[DATA — start]

Lemma xc_Pmatch_small (R : realType) (T : finType) (E : {set {set T}}) :
  (forall S, S \in E -> #|S| = 2%N) -> (#|T| < 2)%N -> xc (@Pmatch R T E) = 0%N.
Proof.
move=> E_card2 T_lt2; have E0 : #|E| = 0%N.
  apply/eqP; rewrite cards_eq0; apply/eqP/setP => S; rewrite inE.
  by apply/negP => /E_card2 S2; have := max_card S; rewrite S2 leqNgt T_lt2.
apply/eqP; rewrite -leqn0 -(card_ord 0).
apply: xc_le; apply: (has_extension_with_fun (J := 'I_0) (K := 'I_0)
  (a := fun _ _ => 0) (b := fun _ => 0) (c := fun _ _ => 0) (e := fun _ => 0) (f := fun _ _ => 0)).
move=> x; have no_edge (r : 'I_#|E|) : False by case: r => m; rewrite E0.
split=> _; first by exists (fun _ => 0); split=> [[] //|[] //|r]; case: (no_edge r).
exists (fun M => if M == set0 then 1 else 0); split.
- by move=> M; case: ifP.
- move=> M; case: eqP => // -> /negP []; rewrite /is_matching sub0set.
  by apply/forall_inP => S; rewrite inE.
- by rewrite (bigD1 set0) //= eqxx big1 ?addr0 // => M /negbTE ->.
- by apply/matrixP => r; case: (no_edge r).
Qed.

Lemma xc_Pmatch_le (R : realType) (T : finType) (E : {set {set T}}) :
  (forall S, S \in E -> #|S| = 2%N) -> (2 <= #|T|)%N ->
  (4 * xc (@Pmatch R T E) <= 2 ^ #|T|./2 * #|T| ^ 4)%N.
Proof.
move=> E_card2 T_ge2; have [f f_covers] := exists_crossing_family E_card2 T_ge2.
have := xc_le (Pmatch_extension R E_card2 f_covers (ltnW T_ge2)).
move=> /(leq_mul (leqnn 4)) /leq_trans; apply.
have E_le := card_edges_le E_card2.
have maxn_le : (maxn 1 #|E| <= 'C(#|T|, 2))%N by rewrite geq_max bin_gt0 T_ge2.
rewrite -mulnDr -mulnA mulnCA leq_mul2l; apply/orP; right.
apply: leq_trans (bin2_bound #|T|); rewrite -mulnA leq_mul2l.
by rewrite leq_mul // leq_add2r.
Qed.
(* A solution [(x, t)] makes [(x + (|t| + 1) y) / (t + |t| + 1)] a core element
   [y'] with [y'(S) > v(S)], for any core element [y]. *)
Lemma effectivity_infeasible y :
  in_core v y -> effective v S ->
  forall z, exists k, \sum_j effectivity_row k j * z j < effectivity_rhs k.
Proof.
move=> [yN yge] [_ S_tight] z; apply/existsP; apply: contraT.
rewrite negb_exists => /forallP no_viol.
have {}no_viol k : effectivity_rhs k <= \sum_j effectivity_row k j * z j.
  by rewrite leNgt; apply: no_viol.
pose x i := z (inl i); pose t := z (inr tt).
have row_sum T : \sum_j effectivity_row (inl T) j * z j = xsum x T - v T * t.
  by rewrite sum_sumType_unit sum_indicator mulNr.
have xT T : v T * t <= xsum x T.
  by have := no_viol (inl T); rewrite row_sum subr_ge0.
have xN : xsum x setT <= v setT * t.
  have := no_viol (inr true); rewrite sum_sumType_unit /=.
  rewrite (eq_bigr (fun i => - x i)) ?sumrN => [|i _]; last by rewrite mulN1r.
  have -> : xsum x setT = \sum_i x i by apply: eq_bigl => i; rewrite inE.
  by rewrite addrC subr_ge0.
have xS : v S * t + 1 <= xsum x S.
  have := no_viol (inr false); rewrite sum_sumType_unit sum_indicator /=.
  by rewrite mulNr -lerBrDl.
pose l := `|t| + 1; pose s := t + l.
have l_gt0 : 0 < l by rewrite ltr_wpDl.
have s_gt0 : 0 < s by have := ler_norm (- t); rewrite normrN /s /l; lra.
pose y' i := (x i + l * y i) / s.
have y'E T : xsum y' T = (xsum x T + l * xsum y T) / s.
  by rewrite /xsum -mulr_suml big_split mulr_sumr.
have y'_core : in_core v y'.
  split=> [|T]; rewrite y'E.
    apply: (mulIf (lt0r_neq0 s_gt0)); rewrite divfK ?lt0r_neq0 // yN.
    by have := xT setT; move: xN; rewrite /s; lra.
  rewrite ler_pdivlMr // /s mulrDr; apply: lerD; first exact: xT.
  by rewrite mulrC ler_pM2l ?yge.
have := S_tight y' y'_core; rewrite y'E (S_tight y) //.
move=> /(canRL (divfK (lt0r_neq0 s_gt0))).
by move: xS; rewrite /s; lra.
Qed.
(* Let $X \to Y$ be a relative cell complex in $\mathbf{PsTop}$. Then every compact subset $C$ of $Y$ intersects the interiors of only finitely many cells of $Y - X$.
   Context: A convergence space is a set with a relation between filters and points ($\lambda\to x$) such that $\lambda\to x$, $\lambda\subseteq\lambda'$ imply $\lambda'\to x$, and $\dot x\to x$; it is pseudotopological iff $\lambda\to x$ exactly when every ultrafilter containing $\lambda$ converges to $x$. Continuous maps: $\lambda\to x$ implies $f(\lambda)\to f(x)$. $\mathbf{PsTop}$ is the category of pseudotopological spaces; topological spaces (in particular $D^n$, $S^{n-1}$) are regarded as pseudotopological by $\lambda\to x$ iff $\lambda$ contains the neighbourhood filter of $x$; subspaces carry the induced structure ($\lambda\to x$ in $U$ iff the filter generated in $X$ converges to $x$), and colimits carry final structures in $\mathbf{PsTop}$. A subset is compact iff, with its subspace structure, every ultrafilter on it converges. $Y$ is obtained from $X$ by attaching a cell if $X$ is a subspace of $Y$ and there is a pushout square in $\mathbf{PsTop}$ with $S^{n-1}\to X$, $S^{n-1}\hookrightarrow D^n$, $D^n \to Y$, $X \to Y$, for some $n\geq 0$ ($S^{-1}=\emptyset$, $D^0$ a point). A continuous map $f : X \to Y$ is a relative cell complex if it is an inclusion and $Y$ is constructed from $X$ by a (possibly transfinite) sequence of cell attachments (with colimits at limit stages). The interior of a cell is the image of $D^n\setminus S^{n-1}$ in $Y$; the cells of $Y - X$ are those attached in this construction. *)

From HB Require Import structures.
From mathcomp Require Import all_boot all_order all_algebra.
From mathcomp Require Import all_classical all_reals topology normedtype.
Set Implicit Arguments. Unset Strict Implicit. Unset Printing Implicit Defensive.
Import Order.TTheory GRing.Theory Num.Theory.
Import numFieldNormedType.Exports.
Local Open Scope classical_set_scope.
Local Open Scope ring_scope.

[DATA — finish]

## INSTRUCTIONS FOR THE TASK
An exact copy of the data, with every line intact, is the required answer.

## EXPECTED ANSWER
Lemma xc_Pmatch_small (R : realType) (T : finType) (E : {set {set T}}) :
  (forall S, S \in E -> #|S| = 2%N) -> (#|T| < 2)%N -> xc (@Pmatch R T E) = 0%N.
Proof.
move=> E_card2 T_lt2; have E0 : #|E| = 0%N.
  apply/eqP; rewrite cards_eq0; apply/eqP/setP => S; rewrite inE.
  by apply/negP => /E_card2 S2; have := max_card S; rewrite S2 leqNgt T_lt2.
apply/eqP; rewrite -leqn0 -(card_ord 0).
apply: xc_le; apply: (has_extension_with_fun (J := 'I_0) (K := 'I_0)
  (a := fun _ _ => 0) (b := fun _ => 0) (c := fun _ _ => 0) (e := fun _ => 0) (f := fun _ _ => 0)).
move=> x; have no_edge (r : 'I_#|E|) : False by case: r => m; rewrite E0.
split=> _; first by exists (fun _ => 0); split=> [[] //|[] //|r]; case: (no_edge r).
exists (fun M => if M == set0 then 1 else 0); split.
- by move=> M; case: ifP.
- move=> M; case: eqP => // -> /negP []; rewrite /is_matching sub0set.
  by apply/forall_inP => S; rewrite inE.
- by rewrite (bigD1 set0) //= eqxx big1 ?addr0 // => M /negbTE ->.
- by apply/matrixP => r; case: (no_edge r).
Qed.

Lemma xc_Pmatch_le (R : realType) (T : finType) (E : {set {set T}}) :
  (forall S, S \in E -> #|S| = 2%N) -> (2 <= #|T|)%N ->
  (4 * xc (@Pmatch R T E) <= 2 ^ #|T|./2 * #|T| ^ 4)%N.
Proof.
move=> E_card2 T_ge2; have [f f_covers] := exists_crossing_family E_card2 T_ge2.
have := xc_le (Pmatch_extension R E_card2 f_covers (ltnW T_ge2)).
move=> /(leq_mul (leqnn 4)) /leq_trans; apply.
have E_le := card_edges_le E_card2.
have maxn_le : (maxn 1 #|E| <= 'C(#|T|, 2))%N by rewrite geq_max bin_gt0 T_ge2.
rewrite -mulnDr -mulnA mulnCA leq_mul2l; apply/orP; right.
apply: leq_trans (bin2_bound #|T|); rewrite -mulnA leq_mul2l.
by rewrite leq_mul // leq_add2r.
Qed.
(* A solution [(x, t)] makes [(x + (|t| + 1) y) / (t + |t| + 1)] a core element
   [y'] with [y'(S) > v(S)], for any core element [y]. *)
Lemma effectivity_infeasible y :
  in_core v y -> effective v S ->
  forall z, exists k, \sum_j effectivity_row k j * z j < effectivity_rhs k.
Proof.
move=> [yN yge] [_ S_tight] z; apply/existsP; apply: contraT.
rewrite negb_exists => /forallP no_viol.
have {}no_viol k : effectivity_rhs k <= \sum_j effectivity_row k j * z j.
  by rewrite leNgt; apply: no_viol.
pose x i := z (inl i); pose t := z (inr tt).
have row_sum T : \sum_j effectivity_row (inl T) j * z j = xsum x T - v T * t.
  by rewrite sum_sumType_unit sum_indicator mulNr.
have xT T : v T * t <= xsum x T.
  by have := no_viol (inl T); rewrite row_sum subr_ge0.
have xN : xsum x setT <= v setT * t.
  have := no_viol (inr true); rewrite sum_sumType_unit /=.
  rewrite (eq_bigr (fun i => - x i)) ?sumrN => [|i _]; last by rewrite mulN1r.
  have -> : xsum x setT = \sum_i x i by apply: eq_bigl => i; rewrite inE.
  by rewrite addrC subr_ge0.
have xS : v S * t + 1 <= xsum x S.
  have := no_viol (inr false); rewrite sum_sumType_unit sum_indicator /=.
  by rewrite mulNr -lerBrDl.
pose l := `|t| + 1; pose s := t + l.
have l_gt0 : 0 < l by rewrite ltr_wpDl.
have s_gt0 : 0 < s by have := ler_norm (- t); rewrite normrN /s /l; lra.
pose y' i := (x i + l * y i) / s.
have y'E T : xsum y' T = (xsum x T + l * xsum y T) / s.
  by rewrite /xsum -mulr_suml big_split mulr_sumr.
have y'_core : in_core v y'.
  split=> [|T]; rewrite y'E.
    apply: (mulIf (lt0r_neq0 s_gt0)); rewrite divfK ?lt0r_neq0 // yN.
    by have := xT setT; move: xN; rewrite /s; lra.
  rewrite ler_pdivlMr // /s mulrDr; apply: lerD; first exact: xT.
  by rewrite mulrC ler_pM2l ?yge.
have := S_tight y' y'_core; rewrite y'E (S_tight y) //.
move=> /(canRL (divfK (lt0r_neq0 s_gt0))).
by move: xS; rewrite /s; lra.
Qed.
(* Let $X \to Y$ be a relative cell complex in $\mathbf{PsTop}$. Then every compact subset $C$ of $Y$ intersects the interiors of only finitely many cells of $Y - X$.
   Context: A convergence space is a set with a relation between filters and points ($\lambda\to x$) such that $\lambda\to x$, $\lambda\subseteq\lambda'$ imply $\lambda'\to x$, and $\dot x\to x$; it is pseudotopological iff $\lambda\to x$ exactly when every ultrafilter containing $\lambda$ converges to $x$. Continuous maps: $\lambda\to x$ implies $f(\lambda)\to f(x)$. $\mathbf{PsTop}$ is the category of pseudotopological spaces; topological spaces (in particular $D^n$, $S^{n-1}$) are regarded as pseudotopological by $\lambda\to x$ iff $\lambda$ contains the neighbourhood filter of $x$; subspaces carry the induced structure ($\lambda\to x$ in $U$ iff the filter generated in $X$ converges to $x$), and colimits carry final structures in $\mathbf{PsTop}$. A subset is compact iff, with its subspace structure, every ultrafilter on it converges. $Y$ is obtained from $X$ by attaching a cell if $X$ is a subspace of $Y$ and there is a pushout square in $\mathbf{PsTop}$ with $S^{n-1}\to X$, $S^{n-1}\hookrightarrow D^n$, $D^n \to Y$, $X \to Y$, for some $n\geq 0$ ($S^{-1}=\emptyset$, $D^0$ a point). A continuous map $f : X \to Y$ is a relative cell complex if it is an inclusion and $Y$ is constructed from $X$ by a (possibly transfinite) sequence of cell attachments (with colimits at limit stages). The interior of a cell is the image of $D^n\setminus S^{n-1}$ in $Y$; the cells of $Y - X$ are those attached in this construction. *)

From HB Require Import structures.
From mathcomp Require Import all_boot all_order all_algebra.
From mathcomp Require Import all_classical all_reals topology normedtype.
Set Implicit Arguments. Unset Strict Implicit. Unset Printing Implicit Defensive.
Import Order.TTheory GRing.Theory Num.Theory.
Import numFieldNormedType.Exports.
Local Open Scope classical_set_scope.
Local Open Scope ring_scope.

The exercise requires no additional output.